- Opening Delimiter -

(* H^{down u}: delete u dominating vertices (the u smallest-indexed ones;
   the result does not depend on the choice up to isomorphism). *)
Definition Hdown (G : graph) (u : nat) : graph :=
  @induced G (~: [set v | dominating G v &&
                 (#|[set w | dominating G w & (val w < val v)%N]| < u)%N]).

Definition free (F G : graph) : Prop := Ncopies F G = 0.

(* The property defining omega_0(J): for every r >= m and every n >= 1,
   every n-vertex K_{r+1}-free G satisfies N(J,G) <= N(J,T_r(n)). *)
Definition turan_prop (J : graph) (m : nat) : Prop :=
  forall r, (m <= r)%N -> forall G : graph, (1 <= gn G)%N ->
    free (K r.+1) G -> (Ncopies J G <= Ncopies J (T r (gn G)))%N.

Definition is_omega0 (J : graph) (w : nat) : Prop :=
  [/\ (0 < w)%N, turan_prop J w &
      forall w', (0 < w')%N -> turan_prop J w' -> (w <= w')%N].

Fixpoint inlist (F : graph) (Fs : seq graph) : Prop :=
  match Fs with [::] => False | F' :: Fs' => F = F' \/ inlist F Fs' end.

Definition ex_u (R : realType) (u p : nat) (H : graph) (Fs : seq graph)
  : \bar R :=
  ereal_sup ((fun G => ((Ncopies H G)%:R : R)%:E) @`
     [set G : graph | kcl u G = p /\ forall F, inlist F Fs -> free F G]).

From Pilot Require Import Defs.
From HB Require Import structures.
From mathcomp Require Import all_boot all_order all_algebra.
From mathcomp Require Import all_classical all_reals all_analysis.
From mathcomp Require Import zify ring lra.

Import Order.TTheory GRing.Theory Num.Theory.

Set Implicit Arguments.
Unset Strict Implicit.
Unset Printing Implicit Defensive.

(* Count embeddings (injective edge-preserving maps) instead of copies; the two differ by the
   factor aut(J).  Since H has u dominating vertices, an embedding of H into G is a u-clique g
   of G together with an embedding of H^(down u) into the common neighbourhood N(g) of g.  If G
   is (K_u v I_(Delta+1))-free and K_(omega+1)-free, then N(g) has at most Delta vertices and
   is K_(omega-u+1)-free, so by the choice of omega_0 it carries at most as many embeddings of
   H^(down u) as T_(omega-u)(Delta).  In L every N(g) contains T_(omega-u)(Delta), hence
   N(H,G) / k^u(G) <= N(H,L) / k^u(L) for every admissible G.  The admissible graph
   qL + rK_u has exactly p copies of K_u and at least q N(H,L) copies of H, which gives the
   exact value when k^u(L) divides p and both limits, with error O(1/p). *)

(* The analysis library shadows these names. *)
Local Notation inE := finset.inE.
Local Notation set0 := finset.set0.
Local Notation in_set0 := finset.in_set0.
Local Notation subsetT := finset.subsetT.
Local Notation subsetP := fintype.subsetP.
Local Notation in_setX := finset.in_setX.
Local Notation free := Defs.free.
Local Notation induced := Defs.induced.

(** * Embeddings and copies *)

Definition embs (J G : graph) : {set {ffun 'I_(gn J) -> 'I_(gn G)}} :=
  [set f : {ffun _ -> _} |
     injectiveb f && [forall i, forall j, gadj i j ==> gadj (f i) (f j)]].

Definition nemb (J G : graph) : nat := #|embs J G|.

Lemma embsP J G (f : {ffun 'I_(gn J) -> 'I_(gn G)}) :
  reflect (injective f /\ forall i j, gadj i j -> gadj (f i) (f j)) (f \in embs J G).
Proof.
rewrite inE; apply: (iffP andP) => [[/injectiveP f_inj /forallP f_adj]|[f_inj f_adj]].
  by split=> // i j ij; move/forallP/(_ j): (f_adj i); rewrite ij.
split; first exact/injectiveP.
by apply/forallP => i; apply/forallP => j; apply/implyP; apply: f_adj.
Qed.

Lemma nemb_self_gt0 J : (0 < nemb J J)%N.
Proof.
rewrite /nemb card_gt0; apply/set0Pn; exists [ffun i => i].
by apply/embsP; split=> i j; rewrite !ffunE.
Qed.

Definition postcomp (A B C : finType) (phi : B -> C) (f : {ffun A -> B}) : {ffun A -> C} :=
  [ffun i => phi (f i)].

Lemma postcomp_inj (A B C : finType) (phi : B -> C) :
  injective phi -> injective (@postcomp A B C phi).
Proof.
by move=> phi_inj f g /ffunP E; apply/ffunP => i; move: (E i); rewrite !ffunE => /phi_inj.
Qed.

Lemma postcomp_emb J G1 G2 (phi : 'I_(gn G1) -> 'I_(gn G2)) f :
  injective phi -> (forall x y, gadj x y -> gadj (phi x) (phi y)) ->
  f \in embs J G1 -> postcomp phi f \in embs J G2.
Proof.
move=> phi_inj phi_adj /embsP[f_inj f_adj]; apply/embsP; split.
  by move=> x y; rewrite !ffunE => /phi_inj /f_inj.
by move=> x y /f_adj /phi_adj; rewrite !ffunE.
Qed.

Lemma nemb_le J G1 G2 (phi : 'I_(gn G1) -> 'I_(gn G2)) :
  injective phi -> (forall x y, gadj x y -> gadj (phi x) (phi y)) ->
  (nemb J G1 <= nemb J G2)%N.
Proof.
move=> phi_inj phi_adj; rewrite /nemb -(card_imset _ (postcomp_inj phi_inj)).
apply: subset_leq_card; apply/subsetP => _ /imsetP[f f_emb ->].
exact: postcomp_emb.
Qed.

Definition edges J : {set 'I_(gn J) * 'I_(gn J)} := [set ij | gadj ij.1 ij.2].

(* As in [is_copy], [setT] is the full classical set, used as a predicate. *)
Definition copy_of J G (f : {ffun 'I_(gn J) -> 'I_(gn G)}) :
  {set 'I_(gn G)} * {set 'I_(gn G) * 'I_(gn G)} :=
  (f @: setT, [set (f ij.1, f ij.2) | ij in edges J]).

Lemma copy_of_is_copy J G f :
  f \in embs J G -> @is_copy J G (copy_of f).1 (copy_of f).2.
Proof.
move=> /embsP[f_inj f_adj]; rewrite /copy_of /=; apply/and3P; split.
- apply/subsetP => _ /imsetP[ij ij_edge ->]; rewrite inE /=.
  by apply: f_adj; rewrite inE in ij_edge.
- by apply/subsetP => _ /imsetP[ij _ ->]; rewrite inE /= !imset_f ?in_setT.
- apply/existsP; exists f; apply/and3P; split; [exact/injectiveP | by apply/eqP |].
  apply/forallP => i; apply/forallP => j; apply/eqP; apply/idP/idP => [ij|/imsetP[[a b]]].
    by apply/imsetP; exists (i, j); rewrite ?inE.
  by rewrite inE /= => ab [/f_inj -> /f_inj ->].
Qed.

Lemma is_copy_copy_of J G W F : @is_copy J G W F ->
  exists2 f, f \in embs J G & copy_of f = (W, F).
Proof.
case/and3P => /subsetP F_edges /subsetP F_W.
case/existsP => f /and3P[/injectiveP f_inj /eqP f_W /forallP f_F].
have adjF i j : gadj i j = ((f i, f j) \in F) by move/forallP/(_ j)/eqP: (f_F i).
exists f.
  by apply/embsP; split=> // i j; rewrite adjF => /F_edges; rewrite inE.
rewrite /copy_of f_W; congr pair; apply/setP => e; apply/imsetP/idP.
  by move=> [ij]; rewrite inE adjF => ? ->.
move=> eF; have := F_W _ eF; rewrite inE => /andP[].
rewrite -f_W => /imsetP[a _ Ea] /imsetP[b _ Eb].
exists (a, b); last by case: e eF Ea Eb => ? ? /= _ -> ->.
by rewrite inE /= adjF -Ea -Eb; case: e eF {Ea Eb}.
Qed.

Lemma emb_self_surj J s : s \in embs J J ->
  (forall y, exists x, y = s x) /\ [set (s ij.1, s ij.2) | ij in edges J] = edges J.
Proof.
move=> /embsP[s_inj s_adj]; split.
  move=> y; have : y \in s @: [set: 'I_(gn J)].
    suff -> : s @: [set: 'I_(gn J)] = [set: 'I_(gn J)] by rewrite finset.in_setT.
    by apply/eqP; rewrite eqEcard subsetT (card_imset _ s_inj) leqnn.
  by case/imsetP => x _ ->; exists x.
apply/eqP; rewrite eqEcard card_imset; last by move=> [a b] [c d] /= [/s_inj -> /s_inj ->].
rewrite leqnn andbT; apply/subsetP => _ /imsetP[ij ij_edge ->].
by rewrite inE /=; apply: s_adj; rewrite inE in ij_edge.
Qed.

Lemma copy_of_comp J G (f : {ffun 'I_(gn J) -> 'I_(gn G)}) s :
  s \in embs J J -> copy_of (postcomp f s) = copy_of f.
Proof.
move=> /emb_self_surj[s_onto s_edges]; rewrite /copy_of; congr pair.
  apply/setP => y; apply/imsetP/imsetP => [[x _ ->]|[x _ ->]].
    by exists (s x); rewrite ?in_setT ?ffunE.
  by have [z ->] := s_onto x; exists z; rewrite ?in_setT ?ffunE.
by rewrite -[in RHS]s_edges -imset_comp; apply: eq_imset => ij /=; rewrite !ffunE.
Qed.
(* Let $(G_1,G_2)$ be a two-player game in which each player has two strategies $A,B$, with payoffs $G_1=\begin{bmatrix}g_1^{AA}&g_1^{AB}\\ g_1^{BA}&g_1^{BB}\end{bmatrix}$, $G_2=\begin{bmatrix}g_2^{AA}&g_2^{AB}\\ g_2^{BA}&g_2^{BB}\end{bmatrix}$ (rows indexed by player 1's strategy, columns by player 2's), and suppose both payoffs are nontrivial, i.e. $(g_1^{AA}-g_1^{BA},\,g_1^{AB}-g_1^{BB})\ne(0,0)$ and $(g_2^{AA}-g_2^{AB},\,g_2^{BA}-g_2^{BB})\ne(0,0)$. Define $\theta_1,\theta_2$ by $\theta_1+\frac{\pi}{4}=\mathrm{arctan2}(g_1^{AA}-g_1^{BA},\,g_1^{AB}-g_1^{BB})$ and $\theta_2+\frac{\pi}{4}=\mathrm{arctan2}(g_2^{AA}-g_2^{AB},\,g_2^{BA}-g_2^{BB})$, and set \[ G^{\mathrm{equil}}_1(\theta_1)=\begin{bmatrix}\frac{1}{\sqrt2}\sin(\theta_1+\frac{\pi}{4})&\frac{1}{\sqrt2}\cos(\theta_1+\frac{\pi}{4})\\ -\frac{1}{\sqrt2}\sin(\theta_1+\frac{\pi}{4})&-\frac{1}{\sqrt2}\cos(\theta_1+\frac{\pi}{4})\end{bmatrix},\qquad G^{\mathrm{equil}}_2(\theta_2)=\begin{bmatrix}\frac{1}{\sqrt2}\sin(\theta_2+\frac{\pi}{4})&-\frac{1}{\sqrt2}\sin(\theta_2+\frac{\pi}{4})\\ \frac{1}{\sqrt2}\cos(\theta_2+\frac{\pi}{4})&-\frac{1}{\sqrt2}\cos(\theta_2+\frac{\pi}{4})\end{bmatrix}. \] Then the games $(G_1,G_2)$ and $(G^{\mathrm{equil}}_1(\theta_1),G^{\mathrm{equil}}_2(\theta_2))$ have the same set of Nash equilibria, the same set of correlated equilibria, and the same set of coarse correlated equilibria.
   Context: $\mathrm{arctan2}(y,x)$ is the standard two-argument arctangent, the angle $\alpha$ with $(\cos\alpha,\sin\alpha)=(x,y)/\sqrt{x^2+y^2}$. For a finite game with payoffs $G_p$ on joint strategies $a=(a_p,a_{-p})$: a joint distribution $\sigma$ is a correlated equilibrium if for every player $p$ and all $a''_p\ne a'_p$, $\sum_{a_{-p}}\sigma(a''_p,a_{-p})\big(G_p(a'_p,a_{-p})-G_p(a''_p,a_{-p})\big)\le0$; a coarse correlated equilibrium if for every $p$ and $a'_p$, $\sum_a\sigma(a)\big(G_p(a'_p,a_{-p})-G_p(a)\big)\le0$; a Nash equilibrium is a correlated equilibrium that is a product of independent marginals $\sigma(a)=\prod_q\sigma_q(a_q)$. *)

From Stdlib Require Import Reals.
Open Scope R_scope.

Inductive strat : Type := SA | SB.

Definition sumS (f : strat -> R) : R := f SA + f SB.

(** A payoff matrix: [G a1 a2] is the payoff when player 1 plays [a1]
    (row) and player 2 plays [a2] (column). *)
Definition payoff := strat -> strat -> R.

(** Standard two-argument arctangent arctan2(y, x) in (-PI, PI]
    (value 0 at the origin, irrelevant here). *)
Definition atan2 (y x : R) : R :=
  if Rlt_dec 0 x then atan (y / x)
  else if Rlt_dec x 0 then
    (if Rle_dec 0 y then atan (y / x) + PI else atan (y / x) - PI)
  else if Rlt_dec 0 y then PI / 2
  else if Rlt_dec y 0 then - (PI / 2)
  else 0.

Definition is_dist (p : strat -> R) : Prop :=
  (forall a, 0 <= p a) /\ sumS p = 1.

Definition is_joint_dist (s : strat -> strat -> R) : Prop :=
  (forall a b, 0 <= s a b) /\ sumS (fun a => sumS (fun b => s a b)) = 1.

Definition is_CE (G1 G2 : payoff) (s : strat -> strat -> R) : Prop :=
  is_joint_dist s /\
  (forall a'' a' : strat, a'' <> a' ->
     sumS (fun b => s a'' b * (G1 a' b - G1 a'' b)) <= 0) /\
  (forall b'' b' : strat, b'' <> b' ->
     sumS (fun a => s a b'' * (G2 a b' - G2 a b'')) <= 0).

Definition is_CCE (G1 G2 : payoff) (s : strat -> strat -> R) : Prop :=
  is_joint_dist s /\
  (forall a' : strat,
     sumS (fun a => sumS (fun b => s a b * (G1 a' b - G1 a b))) <= 0) /\
  (forall b' : strat,
     sumS (fun a => sumS (fun b => s a b * (G2 a b' - G2 a b))) <= 0).

Definition is_NE (G1 G2 : payoff) (s : strat -> strat -> R) : Prop :=
  is_CE G1 G2 s /\
  exists p q : strat -> R, is_dist p /\ is_dist q /\
    forall a b, s a b = p a * q b.

Definition Gequil1 (t : R) : payoff := fun a b =>
  match a, b with
  | SA, SA => / sqrt 2 * sin (t + PI / 4)
  | SA, SB => / sqrt 2 * cos (t + PI / 4)
  | SB, SA => - (/ sqrt 2 * sin (t + PI / 4))
  | SB, SB => - (/ sqrt 2 * cos (t + PI / 4))
  end.

Definition Gequil2 (t : R) : payoff := fun a b =>
  match a, b with
  | SA, SA => / sqrt 2 * sin (t + PI / 4)
  | SA, SB => - (/ sqrt 2 * sin (t + PI / 4))
  | SB, SA => / sqrt 2 * cos (t + PI / 4)
  | SB, SB => - (/ sqrt 2 * cos (t + PI / 4))
  end.

Definition theta1 (G1 : payoff) : R :=
  atan2 (G1 SA SA - G1 SB SA) (G1 SA SB - G1 SB SB) - PI / 4.

Definition theta2 (G2 : payoff) : R :=
  atan2 (G2 SA SA - G2 SA SB) (G2 SB SA - G2 SB SB) - PI / 4.

(** All three equilibrium notions only involve each player's payoff
    differences between his own strategies, and are unchanged when these
    differences are multiplied by a positive constant.  For
    [alpha = arctan2(y, x)] we have [(sin alpha, cos alpha) = k (y, x)] with
    [k > 0], and the row differences of [Gequil1 (alpha - PI/4)] are
    [sqrt 2 (sin alpha, cos alpha)]; taking for [(y, x)] the row differences
    of [G1], the two games differ for player 1 by the factor [sqrt 2 k] > 0,
    and likewise (with columns) for player 2. *)

From Stdlib Require Import Reals Lra.
Open Scope R_scope.

Lemma Rmult_nonpos_iff_l (c x : R) : 0 < c -> c * x <= 0 <-> x <= 0.
Proof. intros; split; intros; nra. Qed.

Definition scaled_rows (c : R) (G E : payoff) : Prop :=
  forall b, E SA b - E SB b = c * (G SA b - G SB b).

Definition scaled_cols (c : R) (G E : payoff) : Prop :=
  forall a, E a SA - E a SB = c * (G a SA - G a SB).

Section ScaledGames.

Variables (G1 G2 E1 E2 : payoff) (c1 c2 : R).
Hypotheses (c1_gt0 : 0 < c1) (c2_gt0 : 0 < c2).
Hypotheses (rows1 : scaled_rows c1 G1 E1) (cols2 : scaled_cols c2 G2 E2).

Let E1_SB (b : strat) : E1 SB b = E1 SA b - c1 * (G1 SA b - G1 SB b).
Proof. rewrite <- rows1; ring. Qed.

Let E2_SB (a : strat) : E2 a SB = E2 a SA - c2 * (G2 a SA - G2 a SB).
Proof. rewrite <- cols2; ring. Qed.

Lemma swap_regret1_scaled (s : strat -> strat -> R) (a'' a' : strat) :
  sumS (fun b => s a'' b * (E1 a' b - E1 a'' b)) =
  c1 * sumS (fun b => s a'' b * (G1 a' b - G1 a'' b)).
Proof. destruct a'', a'; unfold sumS; rewrite ?E1_SB; ring. Qed.

Lemma swap_regret2_scaled (s : strat -> strat -> R) (b'' b' : strat) :
  sumS (fun a => s a b'' * (E2 a b' - E2 a b'')) =
  c2 * sumS (fun a => s a b'' * (G2 a b' - G2 a b'')).
Proof. destruct b'', b'; unfold sumS; rewrite ?E2_SB; ring. Qed.

Lemma ext_regret1_scaled (s : strat -> strat -> R) (a' : strat) :
  sumS (fun a => sumS (fun b => s a b * (E1 a' b - E1 a b))) =
  c1 * sumS (fun a => sumS (fun b => s a b * (G1 a' b - G1 a b))).
Proof. destruct a'; unfold sumS; rewrite ?E1_SB; ring. Qed.

Lemma ext_regret2_scaled (s : strat -> strat -> R) (b' : strat) :
  sumS (fun a => sumS (fun b => s a b * (E2 a b' - E2 a b))) =
  c2 * sumS (fun a => sumS (fun b => s a b * (G2 a b' - G2 a b))).
Proof. destruct b'; unfold sumS; rewrite ?E2_SB; ring. Qed.

Lemma is_CE_scaled (s : strat -> strat -> R) : is_CE G1 G2 s <-> is_CE E1 E2 s.
Proof.
  unfold is_CE; setoid_rewrite swap_regret1_scaled; setoid_rewrite swap_regret2_scaled.
  setoid_rewrite (Rmult_nonpos_iff_l c1 _ c1_gt0).
  setoid_rewrite (Rmult_nonpos_iff_l c2 _ c2_gt0).
  reflexivity.
Qed.

Lemma is_NE_scaled (s : strat -> strat -> R) : is_NE G1 G2 s <-> is_NE E1 E2 s.
Proof. unfold is_NE; rewrite is_CE_scaled; reflexivity. Qed.

Lemma is_CCE_scaled (s : strat -> strat -> R) : is_CCE G1 G2 s <-> is_CCE E1 E2 s.
Proof.
  unfold is_CCE; setoid_rewrite ext_regret1_scaled; setoid_rewrite ext_regret2_scaled.
  setoid_rewrite (Rmult_nonpos_iff_l c1 _ c1_gt0).
  setoid_rewrite (Rmult_nonpos_iff_l c2 _ c2_gt0).
  reflexivity.
Qed.

End ScaledGames.

Lemma cos_atan_gt_0 (z : R) : 0 < cos (atan z).
Proof.
  rewrite cos_atan; apply Rdiv_lt_0_compat; [lra |].
  apply sqrt_lt_R0; pose proof (Rle_0_sqr z); lra.
Qed.

Lemma sin_atan_cos (z : R) : sin (atan z) = z * cos (atan z).
Proof.
  rewrite sin_atan, cos_atan; field.
  apply Rgt_not_eq, sqrt_lt_R0; pose proof (Rle_0_sqr z); lra.
Qed.

Lemma atan2_polar (y x : R) : (y, x) <> (0, 0) ->
  exists k, 0 < k /\ sin (atan2 y x) = k * y /\ cos (atan2 y x) = k * x.
Proof.
  intro yx_neq0; unfold atan2.
  pose proof (cos_atan_gt_0 (y / x)) as cos_gt0.
  destruct (Rlt_dec 0 x) as [x_gt0 |].
  { exists (cos (atan (y / x)) / x); split; [now apply Rdiv_lt_0_compat |].
    rewrite sin_atan_cos; split; field; lra. }
  destruct (Rlt_dec x 0) as [x_lt0 |].
  { exists (cos (atan (y / x)) / - x); split; [apply Rdiv_lt_0_compat; lra |].
    destruct (Rle_dec 0 y);
      rewrite ?sin_plus, ?cos_plus, ?sin_minus, ?cos_minus, sin_PI, cos_PI, sin_atan_cos;
      split; field; lra. }
  assert (x = 0) as -> by lra.
  destruct (Rlt_dec 0 y) as [y_gt0 |].
  { exists (/ y); rewrite sin_PI2, cos_PI2; split; [now apply Rinv_0_lt_compat |].
    split; field; lra. }
  destruct (Rlt_dec y 0) as [y_lt0 |].
  { exists (/ - y); rewrite sin_neg, cos_neg, sin_PI2, cos_PI2.
    split; [apply Rinv_0_lt_compat; lra |]; split; field; lra. }
  exfalso; apply yx_neq0; f_equal; lra.
Qed.

Lemma sqrt2_neq0 : sqrt 2 <> 0.
Proof. apply Rgt_not_eq, sqrt_lt_R0; lra. Qed.

Lemma Gequil1_row_diff (alpha : R) (b : strat) :
  Gequil1 (alpha - PI / 4) SA b - Gequil1 (alpha - PI / 4) SB b =
  2 / sqrt 2 * match b with SA => sin alpha | SB => cos alpha end.
Proof.
  unfold Gequil1; replace (alpha - PI / 4 + PI / 4) with alpha by ring.
  pose proof sqrt2_neq0; destruct b; field; auto.
Qed.

Lemma Gequil2_col_diff (alpha : R) (a : strat) :
  Gequil2 (alpha - PI / 4) a SA - Gequil2 (alpha - PI / 4) a SB =
  2 / sqrt 2 * match a with SA => sin alpha | SB => cos alpha end.
Proof.
  unfold Gequil2; replace (alpha - PI / 4 + PI / 4) with alpha by ring.
  pose proof sqrt2_neq0; destruct a; field; auto.
Qed.

Lemma two_div_sqrt2_gt0 : 0 < 2 / sqrt 2.
Proof. apply Rdiv_lt_0_compat; [lra | apply sqrt_lt_R0; lra]. Qed.

Lemma scaled_rows_Gequil1 (G1 : payoff) :
  (G1 SA SA - G1 SB SA, G1 SA SB - G1 SB SB) <> (0, 0) ->
  exists c, 0 < c /\ scaled_rows c G1 (Gequil1 (theta1 G1)).
Proof.
  intro nontriv; destruct (atan2_polar _ _ nontriv) as (k & k_gt0 & sin_eq & cos_eq).
  exists (2 / sqrt 2 * k); split; [apply Rmult_lt_0_compat; auto using two_div_sqrt2_gt0 |].
  intro b; unfold theta1; rewrite Gequil1_row_diff.
  destruct b; [rewrite sin_eq | rewrite cos_eq]; ring.
Qed.

Lemma scaled_cols_Gequil2 (G2 : payoff) :
  (G2 SA SA - G2 SA SB, G2 SB SA - G2 SB SB) <> (0, 0) ->
  exists c, 0 < c /\ scaled_cols c G2 (Gequil2 (theta2 G2)).
Proof.
  intro nontriv; destruct (atan2_polar _ _ nontriv) as (k & k_gt0 & sin_eq & cos_eq).
  exists (2 / sqrt 2 * k); split; [apply Rmult_lt_0_compat; auto using two_div_sqrt2_gt0 |].
  intro a; unfold theta2; rewrite Gequil2_col_diff.
  destruct a; [rewrite sin_eq | rewrite cos_eq]; ring.
Qed.

Theorem mainTheorem3 (G1 G2 : payoff)
  (h1 : (G1 SA SA - G1 SB SA, G1 SA SB - G1 SB SB) <> (0, 0))
  (h2 : (G2 SA SA - G2 SA SB, G2 SB SA - G2 SB SB) <> (0, 0)) :
  let E1 := Gequil1 (theta1 G1) in
  let E2 := Gequil2 (theta2 G2) in
  (forall s, is_NE G1 G2 s <-> is_NE E1 E2 s) /\
  (forall s, is_CE G1 G2 s <-> is_CE E1 E2 s) /\
  (forall s, is_CCE G1 G2 s <-> is_CCE E1 E2 s).
Proof.
  intros E1 E2.
  destruct (scaled_rows_Gequil1 G1 h1) as (c1 & c1_gt0 & rows1).
  destruct (scaled_cols_Gequil2 G2 h2) as (c2 & c2_gt0 & cols2).
  split; [| split]; intro s;
    [ apply (is_NE_scaled G1 G2 E1 E2 c1 c2)
    | apply (is_CE_scaled G1 G2 E1 E2 c1 c2)
    | apply (is_CCE_scaled G1 G2 E1 E2 c1 c2) ]; assumption.
Qed.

- Closing Delimiter -

Exercise goal:
From the data above, copy each line that has the string "Ncopies".

Answer to this exercise:
Definition free (F G : graph) : Prop := Ncopies F G = 0.
    free (K r.+1) G -> (Ncopies J G <= Ncopies J (T r (gn G)))%N.
  ereal_sup ((fun G => ((Ncopies H G)%:R : R)%:E) @`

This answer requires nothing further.